CS 180: Computer Vision, Fall 2024

Final: Neural Radiance Fields (NeRF)

Rohan Gulati

SID: 3037864000



Overview


In this project, we use deep learning to generate a neural radiance field or a 3D reconstruction of an object using pictures taken at different angles. By sampling rays in world space from images, sampling points along those rays, and learning the color and opacity of each world-space coordinate, we can mimic the way light diffuses through air to render a 3 dimensional object at any angle.

2D Neural Field

Before designing a multi-view neural radiance field, I implemented a neural radiance field in PyTorch to recreate an rgb image off of image coordinates with the below architecture. We first normalize our image and then apply positional encoding on the input layer of the network to deeply capture the spatial information of the coordinates. I used 4 hidden layers of initially 256 neurons each with ReLU activations in between and a final sigmoid activation. Lastly, I used Mean Squared Error to evaluate the loss and the Adam optimizer for gradient descent.

2D Neural Field MLP
Test Image 1: Fox

Original Fox Model 1: L = 10, Channel Size = 256, Learning Rate = 1e-2

Peak Signal to Noise Ratio
Results Across Training Iterations

Adjusting Learning Rate

Fox Model 2A: L = 10, Channel Size = 256, Learning Rate = 1e-4

Peak Signal to Noise Ratio
Results Across Training Iterations

Reducing learning rate made model take longer to converge to the clear image.
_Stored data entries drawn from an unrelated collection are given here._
Lemma nielsen_minimal_nonnil i : i < length Zs -> nth i Zs [] <> [].
Proof.
  intros Hi E. destruct Zs_min as [HZ Hmin].
  assert (Hl := drop_nth_length Zs i Hi).
  destruct (Hmin (drop_nth Zs i)) as [Lt | [Eq Le]].
  - lia.
  - intros z Hz. apply HZ. eauto using in_drop_nth.
  - apply same_span_drop_nil; auto using nielsen_minimal_reduced.
  - pose proof (drop_nth_sum (@length letter) Zs i [] Hi). rewrite E in *.
    unfold total_length in Lt. simpl in *. lia.
  - pose proof (drop_nth_sum (fun z => S (half_code (2 * n) z)) Zs i [] Hi) as S1.
    rewrite E in S1. change (half_code (2 * n) []) with 0 in S1. unfold weight in Le. lia.
Qed.

Lemma nielsen_letter_nonnil a : inZ a -> s a <> [].
Proof.
  intros Ha E. apply (nielsen_minimal_nonnil (fst a) Ha), length_zero_iff_nil.
  rewrite <- (orient_length a). change (length (s a) = 0). rewrite E. reflexivity.
Qed.

Lemma nielsen_move_not_smaller p q : inZ p -> inZ q -> fst p <> fst q ->
  length (s q) <= length (wmul (s p) (s q)) /\
  (length (s q) = length (wmul (s p) (s q)) ->
   half_code (2 * n) (s q) <= half_code (2 * n) (wmul (s p) (s q))).
Proof.
  intros Hp Hq Hpq. destruct Zs_min as [HZ Hmin].
  set (y := wmul (s p) (s q)).
  set (z' := orient q y).
  assert (Hle : nielsen_le n Zs (set_nth Zs (fst q) z')).
  { apply Hmin.
    - rewrite set_nth_length. lia.
    - intros z Hz. apply in_set_nth in Hz as [-> | Hz]; auto.
      apply orient_reduced_on, reduced_on_wmul;
        split; auto using nielsen_letter_reduced, nielsen_letter_bounded.
    - apply same_span_nielsen_move; auto using nielsen_minimal_reduced. }
  pose proof (set_nth_sum (@length letter) Zs (fst q) z' [] Hq) as S1.
  pose proof (set_nth_sum (fun z => S (half_code (2 * n) z)) Zs (fst q) z' [] Hq) as S2.
  cbv beta in S2.
  assert (length (nth (fst q) Zs []) = length (s q)) by (symmetry; apply orient_length).
  assert (length z' = length y) by apply orient_length.
  assert (half_code (2 * n) (nth (fst q) Zs []) = half_code (2 * n) (s q))
    by (symmetry; apply half_code_orient).
  assert (half_code (2 * n) z' = half_code (2 * n) y) by apply half_code_orient.
  unfold nielsen_le, total_length, weight in Hle.
  split; [|intros]; lia.
Qed.

Lemma nielsen_N1 pu pv : inZ pu -> inZ pv -> pu <> pv ->
  2 * lcp (s pu) (s pv) <= length (s pu).
Proof.
  intros Hu Hv Huv.
  destruct (Nat.eq_dec (fst pu) (fst pv)) as [E | E].
  - rewrite (letter_same_fst pu pv E Huv), subst_letter_linv, winv_length.
    pose proof (lcp_winv_self _ (nielsen_letter_reduced pv Hv)
                  (nielsen_letter_nonnil pv Hv)). lia.
  - destruct (nielsen_move_not_smaller (linv pu) pv) as [L _]; auto.
    pose proof (nielsen_letter_reduced pu Hu) as Ru.
    pose proof (wmul_length _ _ (winv_reduced _ Ru) (nielsen_letter_reduced pv Hv)) as Lw.
    rewrite subst_letter_linv in L. rewrite winv_involutive, winv_length in Lw. lia.
Qed.

(* Otherwise the move [s pu := winv (s pv) * s pu] would keep the length and trade the
   prefix [firstn a (s pv)] of [s pu] for [firstn a (winv (s pv))], lowering its half code. *)
Lemma nielsen_half_prefix pu pv : inZ pu -> inZ pv -> pu <> pv ->
  let a := lcp (s pu) (s pv) in
  2 * a = length (s pv) ->
  word_code (2 * n) (firstn a (s pv)) <= word_code (2 * n) (firstn a (winv (s pv))).
Proof.
  intros Hu Hv Huv a Ha.
  set (u := s pu) in *. set (v := s pv) in *.
  assert (Ru := nielsen_letter_reduced pu Hu). assert (Rv := nielsen_letter_reduced pv Hv).
  assert (Iuv : fst pu <> fst pv).
  { intros E. pose proof (lcp_winv_self v Rv (nielsen_letter_nonnil pv Hv)).
    unfold a, u in Ha. rewrite (letter_same_fst pu pv E Huv), subst_letter_linv in Ha.
    fold v in Ha. lia. }
  pose proof (nielsen_N1 pu pv Hu Hv Huv) as Au. fold u v a in Au.
  set (P := firstn a v). set (Q := firstn a (winv v)). set (r := skipn a u).
  assert (Eu : u = P ++ r) by (unfold P, r, a; rewrite <- lcp_firstn; symmetry; apply firstn_skipn).
  assert (LP : length P = a) by (unfold P; rewrite length_firstn; lia).
  assert (LQ : length Q = a) by (unfold Q; rewrite length_firstn, winv_length; lia).
  assert (Er : length r = length u - a) by (unfold r; apply length_skipn).
  assert (Emove : wmul (winv v) u = Q ++ r).
  { rewrite wmul_lcp, winv_involutive, winv_length, lcp_sym by auto using winv_reduced.
    fold a. replace (length v - a) with a by lia. reflexivity. }
  destruct (nielsen_move_not_smaller (linv pv) pu) as [_ M]; auto.
  rewrite subst_letter_linv in M. fold u v in M. rewrite Emove in M.
  apply Nat.nlt_ge. intros Hlt.
  assert (bu := nielsen_letter_bounded pu Hu). assert (bv := nielsen_letter_bounded pv Hv).
  pose proof (half_code_lt_prefix n P Q r) as C.
  rewrite <- Eu in C. specialize (M ltac:(rewrite Eu at 1; rewrite !length_app; lia)).
  enough (half_code (2 * n) (Q ++ r) < half_code (2 * n) u) by lia.
  apply C; try lia.
  - apply bounded_firstn, bv.
  - apply bounded_firstn, bounded_winv, bv.
  - apply bounded_skipn, bu.
Qed.

Lemma nielsen_N2 pu pv pw : inZ pu -> inZ pv -> inZ pw -> pu <> pv -> pw <> linv pv ->
  lcp (s pu) (s pv) + lcp (s pw) (winv (s pv)) < length (s pv).
Proof.
  intros Hu Hv Hw Huv Hwv.
  set (v := s pv).
  assert (Rv : reduced v) by exact (nielsen_letter_reduced pv Hv).
  assert (bv : bounded n v) by exact (nielsen_letter_bounded pv Hv).
  assert (Hvu : pv <> pu) by auto.
  assert (Hvw : linv pv <> pw) by auto.
  pose proof (nielsen_N1 pv pu Hv Hu Hvu) as A.
  pose proof (nielsen_N1 (linv pv) pw Hv Hw Hvw) as B.
  rewrite subst_letter_linv in B. fold v in A, B. rewrite winv_length, (lcp_sym (winv v)) in B.
  rewrite lcp_sym in A.
  set (a := lcp (s pu) v) in *. set (b := lcp (s pw) (winv v)) in *.
  apply Nat.nle_gt. intros L.
  assert (Ha : 2 * a = length v) by lia. assert (Hb : b = a) by lia.
  pose proof (nielsen_half_prefix pu pv Hu Hv Huv Ha) as C1.
  pose proof (nielsen_half_prefix pw (linv pv) Hw Hv (not_eq_sym Hvw)) as C2.
  rewrite subst_letter_linv, winv_involutive, winv_length in C2. fold v b in C2.
  specialize (C2 ltac:(lia)). rewrite Hb in C2. fold v a in C1.
  set (P := firstn a v) in *. set (S := skipn a v).
  assert (EPQ : P = firstn a (winv v)).
  { apply (word_code_inj n); [| | | lia].
    - apply bounded_firstn, bv.
    - apply bounded_firstn, bounded_winv, bv.
    - unfold P. rewrite !length_firstn, winv_length. reflexivity. }
  assert (Ev : v = P ++ S) by (symmetry; apply firstn_skipn).
  assert (LS : length S = a) by (unfold S; rewrite length_skipn; lia).
  assert (EP : P = winv S).
  { rewrite EPQ, Ev, winv_app, firstn_app, winv_length, LS, Nat.sub_diag, firstn_O, app_nil_r.
    apply firstn_all2. rewrite winv_length. lia. }
  rewrite EP in Ev. rewrite Ev in Rv. apply reduced_winv_app in Rv.
  apply (nielsen_letter_nonnil pv Hv). fold v. apply length_zero_iff_nil.
  rewrite <- LS, Rv in Ha. simpl in Ha. lia.
Qed.

Let cancel_next (a : letter) (rest : word) : nat :=
  match rest with [] => 0 | b :: _ => lcp (winv (s a)) (s b) end.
Fox Model 2B: L = 10, Channel Size = 256, Learning Rate = 1e-1

Peak Signal to Noise Ratio
Results Across Training Iterations

Increasing the learning rate prevented the model from learning


Adjusting Positional Encoding Length


Fox Model 3A: L = 5, Channel Size = 256, Learning Rate = 1e-2

Peak Signal to Noise Ratio
Results Across Training Iterations

Decreasing the Positional Encoding length prevented the model from identifying high frequency features like the pupils of the fox.
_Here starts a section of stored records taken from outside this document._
Lemma nonpos_by_peeling (Fin : {set M} -> Prop) (d : {set M} -> R) :
  (forall S i, Fin S -> Fin (S :\: part own i)) ->
  (forall S, Fin S -> S != set0 -> d S *+ n <= \sum_(i < n) d (S :\: part own i)) ->
  d set0 <= 0 -> forall S, Fin S -> d S <= 0.
Proof.
move=> Fin_peel d_peel d0 S.
elim: {S}_.+1 {-2}S (ltnSn #|S|) => // k IH S Sk FS.
have [->|S_neq0] := eqVneq S set0; first exact: d0.
have /set0Pn [x xS] := S_neq0.
have peel_proper i : S :\: part own i \proper S -> d (S :\: part own i) <= 0.
  move=> /proper_card lt_S; apply: IH (Fin_peel _ _ FS).
  by rewrite -ltnS (leq_trans _ Sk).
rewrite leNgt; apply/negP => dS_gt0.
have peel_le i : d (S :\: part own i) <= d S.
  have [->//|ne] := eqVneq (S :\: part own i) S.
  by rewrite (le_trans _ (ltW dS_gt0)) // peel_proper // properEneq ne subsetDl.
have peel_lt : d (S :\: part own (own x)) < d S.
  by rewrite (le_lt_trans _ dS_gt0) // peel_proper // setD_part_proper.
have := d_peel S FS S_neq0; apply/negP; rewrite -ltNge.
have -> : d S *+ n = \sum_(i < n) d S by rewrite sumr_const card_ord.
rewrite [X in X < _](bigD1 (own x)) // [X in _ < X](bigD1 (own x)) //=.
by rewrite ltr_leD // ler_sum.
Qed.

End Peeling.

Unset Implicit Arguments.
Fox Model 3B: L = 20, Channel Size = 256, Learning Rate = 1e-2

Peak Signal to Noise Ratio
Results Across Training Iterations

Increasing the Positional Encoding length had negligible differences compared to the default settings


Test Image 2: Winter in New York

New York Model: L = 10, Channel Size = 256, Learning Rate = 1e-2, Total Iterations = 4000

Results Across Training Iterations
Result

New York Model 2: L = 20, Channel Size = 768, Learning Rate = 0.0015, Total Iterations = 8000

Results Across Training Iterations
Result

Multi-View NeRF

/

Ray Sampling

To collect our world space data, we first need to convert our image coordinates into rays, so we can pair our rays with pixel values later on. In order to do this, we first solve this problem for a single camera. We have to consider the setting in image space, camera space, and world space. We can generate samples of pixels easily in image space and then invert the intrinsic and extrinsic matrices of the camera in order to find where the pixel on the image would lie in world space.
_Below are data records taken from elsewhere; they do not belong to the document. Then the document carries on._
(* For $n\geq0$ let $T_n$ be the total number of lattice points lying on the $x$-axis, summed over all symmetric Dyck paths of length $2n$, and let $d_n$ be the number of such paths. Let $C(x)=\frac{1-\sqrt{1-4x}}{2x}$, $B(x)=\frac{1}{\sqrt{1-4x}}$, and $C_m=\frac{1}{m+1}\binom{2m}{m}$. Then $$\sum_{n\geq0}T_nx^n=2\,C(x^2)\cdot\frac{1}{2x}\left(\sqrt{\frac{1+2x}{1-2x}}-1\right)-C(x^2)=1+2x+5x^2+8x^3+18x^4+30x^5+65x^6+112x^7+\cdots.$$ Moreover: $\sum_{m\geq0}T_{2m}x^{2m}=C(x^2)\left[2B(x^2)-1\right]$ and the average number of points on the $x$-axis for $n=2m$ is $\frac{T_{2m}}{d_{2m}}=\frac{\binom{2m+2}{m+1}-C_m}{\binom{2m}{m}}=\frac{4m+1}{m+1}\to4$; and $\sum_{m\geq0}T_{2m+1}x^{2m+1}=2xB(x^2)C(x^2)^2$ and for $n=2m+1$ the average is $\frac{T_{2m+1}}{d_{2m+1}}=\frac{2\binom{2m+2}{m}}{\binom{2m+1}{m}}=\frac{4(m+1)}{m+2}\to4$ as $m\to\infty$.
   Context: A Dyck path of length $2n$ is a lattice path from $(0,0)$ to $(2n,0)$ with steps $U=(1,1)$, $D=(1,-1)$ never going below the $x$-axis. It is symmetric if it is invariant under reflection in the line $x=n$ (its $i$-th step is $U$ iff its $(2n+1-i)$-th step is $D$). The points on the $x$-axis of a path are its vertices with $y$-coordinate $0$, including both endpoints. *)

From Stdlib Require Import Reals ZArith Arith List Bool.
From Coquelicot Require Import Coquelicot.
Import ListNotations.
Open Scope R_scope.

(* A path is a word over {U,D}; true = U = (1,1), false = D = (1,-1). *)
Fixpoint words (k : nat) : list (list bool) :=
  match k with
  | O => [[]]
  | S k' => flat_map (fun w => [true :: w; false :: w]) (words k')
  end.

Fixpoint heights (h : Z) (p : list bool) : list Z :=
  match p with
  | [] => []
  | b :: p' => let h' := (if b then h + 1 else h - 1)%Z in h' :: heights h' p'
  end.

Definition vertex_heights (p : list bool) : list Z := 0%Z :: heights 0 p.

Definition is_dyck (p : list bool) : bool :=
  forallb (fun h => Z.leb 0 h) (vertex_heights p) &&
  Z.eqb (last (vertex_heights p) 0%Z) 0.

(* symmetric path of length 2n: the i-th step (1-based) is U iff the
   (2n+1-i)-th step is D; with 0-based index j: p_j = negb p_(2n-1-j). *)
Definition is_symmetric (n : nat) (p : list bool) : bool :=
  Nat.eqb (length p) (2 * n) &&
  forallb (fun j => Bool.eqb (nth j p false) (negb (nth (2 * n - 1 - j) p false)))
          (seq 0 (2 * n)).

Definition sym_dyck (n : nat) : list (list bool) :=
  filter (fun p => is_dyck p && is_symmetric n p) (words (2 * n)).

Definition axis_points (p : list bool) : nat :=
  count_occ Z.eq_dec (vertex_heights p) 0%Z.

Definition d (n : nat) : nat := length (sym_dyck n).
Definition T (n : nat) : nat := fold_right Nat.add 0%nat (map axis_points (sym_dyck n)).

Fixpoint binom (n k : nat) : nat :=
  match n, k with
  | _, O => 1%nat
  | O, S _ => 0%nat
  | S n', S k' => (binom n' k' + binom n' k)%nat
  end.

Definition catalan (m : nat) : R := INR (binom (2 * m) m) / (INR m + 1).

Definition Cgf (y : R) : R := (1 - sqrt (1 - 4 * y)) / (2 * y).
Definition Bgf (y : R) : R := 1 / sqrt (1 - 4 * y).

From Stdlib Require Import Reals ZArith Arith List Bool Lia Lra.
From Coquelicot Require Import Coquelicot.
Import ListNotations.

(** A symmetric Dyck path of length [2n] is [w ++ mirror w] for a unique
    nonnegative path [w] of length [n], and its axis points are twice the
    zeros of [w], less one if [w] ends on the axis.  Sorting nonnegative
    paths by final height, the reflection principle writes their numbers as
    differences of binomial coefficients, and the zeros of the paths ending
    at height [h] are counted by the paths of length [n+1] ending at [h+1];
    this gives [T_n] and [d_n] as explicit binomial coefficients.  The
    generating functions then reduce to that of the central binomial
    coefficients, [1/sqrt(1-4y)], obtained from the differential equation
    [(1-4y) f' = 2 f]. *)

Open Scope nat_scope.

Definition sum_over {A} (L : list A) (g : A -> nat) : nat := list_sum (map g L).

Lemma sum_over_ext_in {A} (L : list A) f g :
  (forall x, In x L -> f x = g x) -> sum_over L f = sum_over L g.
Proof.
  intro H. unfold sum_over. f_equal. apply map_ext_in. exact H.
Qed.

Lemma sum_over_add {A} (L : list A) f g :
  sum_over L (fun x => f x + g x) = sum_over L f + sum_over L g.
Proof. induction L as [|a L IH]; unfold sum_over in *; simpl; [lia|rewrite IH; lia]. Qed.

Lemma sum_over_mul {A} (L : list A) c f :
  sum_over L (fun x => c * f x) = c * sum_over L f.
Proof. induction L as [|a L IH]; unfold sum_over in *; simpl; [lia|rewrite IH; lia]. Qed.

Lemma sum_over_const0 {A} (L : list A) : sum_over L (fun _ => 0) = 0.
Proof. induction L as [|a L IH]; unfold sum_over in *; simpl; auto. Qed.

Lemma sum_over_filter {A} (L : list A) c f :
  sum_over (filter c L) f = sum_over L (fun x => if c x then f x else 0).
Proof.
  induction L as [|a L IH]; unfold sum_over in *; simpl; auto.
  destruct (c a); simpl; rewrite IH; auto.
Qed.

Lemma sum_words_cons k g :
  sum_over (words (S k)) g = sum_over (words k) (fun w => g (true :: w) + g (false :: w)).
Proof.
  unfold sum_over. simpl. induction (words k) as [|w l IH]; simpl; auto. rewrite IH; lia.
Qed.

Lemma sum_words_app a b g :
  sum_over (words (a + b)) g
  = sum_over (words a) (fun w1 => sum_over (words b) (fun w2 => g (w1 ++ w2))).
Proof.
  revert g; induction a as [|a IH]; intro g.
  - unfold sum_over at 2. simpl. symmetry. apply Nat.add_0_r.
  - change (S a + b) with (S (a + b)). rewrite sum_words_cons, IH, sum_words_cons.
    apply sum_over_ext_in. intros w _. rewrite <- sum_over_add. reflexivity.
Qed.

Lemma sum_words_snoc k g :
  sum_over (words (S k)) g = sum_over (words k) (fun w => g (w ++ [true]) + g (w ++ [false])).
Proof.
  replace (S k) with (k + 1) by lia. rewrite sum_words_app.
  apply sum_over_ext_in. intros w _. unfold sum_over. simpl. lia.
Qed.

Lemma length_words k w : In w (words k) -> length w = k.
Proof.
  revert w; induction k as [|k IH]; simpl; intros w H.
  - destruct H as [<-|[]]; auto.
  - apply in_flat_map in H. destruct H as [v [Hv Hw]].
    destruct Hw as [<-|[<-|[]]]; simpl; f_equal; auto.
Qed.

Lemma sum_words_indicator k v c : length v = k ->
  sum_over (words k) (fun w => if list_eq_dec bool_dec w v then c else 0) = c.
Proof.
  revert v; induction k as [|k IH]; intros v Hv.
  - destruct v; [|discriminate]. unfold sum_over. simpl.
    destruct (list_eq_dec bool_dec [] []); [lia|congruence].
  - destruct v as [|b v]; [discriminate|]. injection Hv as Hv.
    rewrite sum_words_cons. etransitivity; [|exact (IH v Hv)].
    apply sum_over_ext_in. intros w _.
    destruct (list_eq_dec bool_dec w v) as [->|Hne], b;
      repeat destruct (list_eq_dec bool_dec _ _); congruence || lia.
Qed.

Definition step (h : Z) (b : bool) : Z := if b then (h + 1)%Z else (h - 1)%Z.

Fixpoint final_height (h : Z) (p : list bool) : Z :=
  match p with [] => h | b :: p' => final_height (step h b) p' end.

Definition vertices (h : Z) (p : list bool) : list Z := h :: heights h p.

(* [w ++ mirror w] is the symmetric path with first half [w]. *)
Definition mirror (w : list bool) : list bool := rev (map negb w).

Definition nonneg (w : list bool) : bool := forallb (fun h => Z.leb 0 h) (vertices 0 w).
Definition zeros (w : list bool) : nat := count_occ Z.eq_dec (vertices 0 w) 0%Z.

Lemma final_height_app h a b : final_height h (a ++ b) = final_height (final_height h a) b.
Proof. revert h; induction a as [|x a IH]; intro h; simpl; auto. Qed.

Lemma vertices_app h a b :
  vertices h (a ++ b) = vertices h a ++ heights (final_height h a) b.
Proof.
  unfold vertices. f_equal.
  revert h; induction a as [|x a IH]; intro h; simpl; auto. rewrite IH. reflexivity.
Qed.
We can use the camera's extrinsic matrix to similarly find where it exists in world space and with the world space locations of both the camera and the pixels, we can generate rays along these lines. We add noise to the samples to better generalize over the world space coordinates. The ray sampling results are visualized below.

100 Rays, 100 Cameras
100 Rays, 100 Cameras
100 Rays, 1 Camera
100 rays, 1 Camera
1000 rays, 100 Cameras

Neural Network Architecture

Here, we adjust the neural network to include inputs in both world coordinates and ray directions and output their rgb colors and densities. We utilize skip connections to ensure the spatial information is not forgotten in the 8+ layer network. To compute the predicted color of each ray, we use the volume rendering formula, which aggregates the color of each coordinate along the ray weighted by its density and the opacity of that point. We implemented volume rendering in a vectorized fashion in PyTorch to ensure it was differentiable for the loss function.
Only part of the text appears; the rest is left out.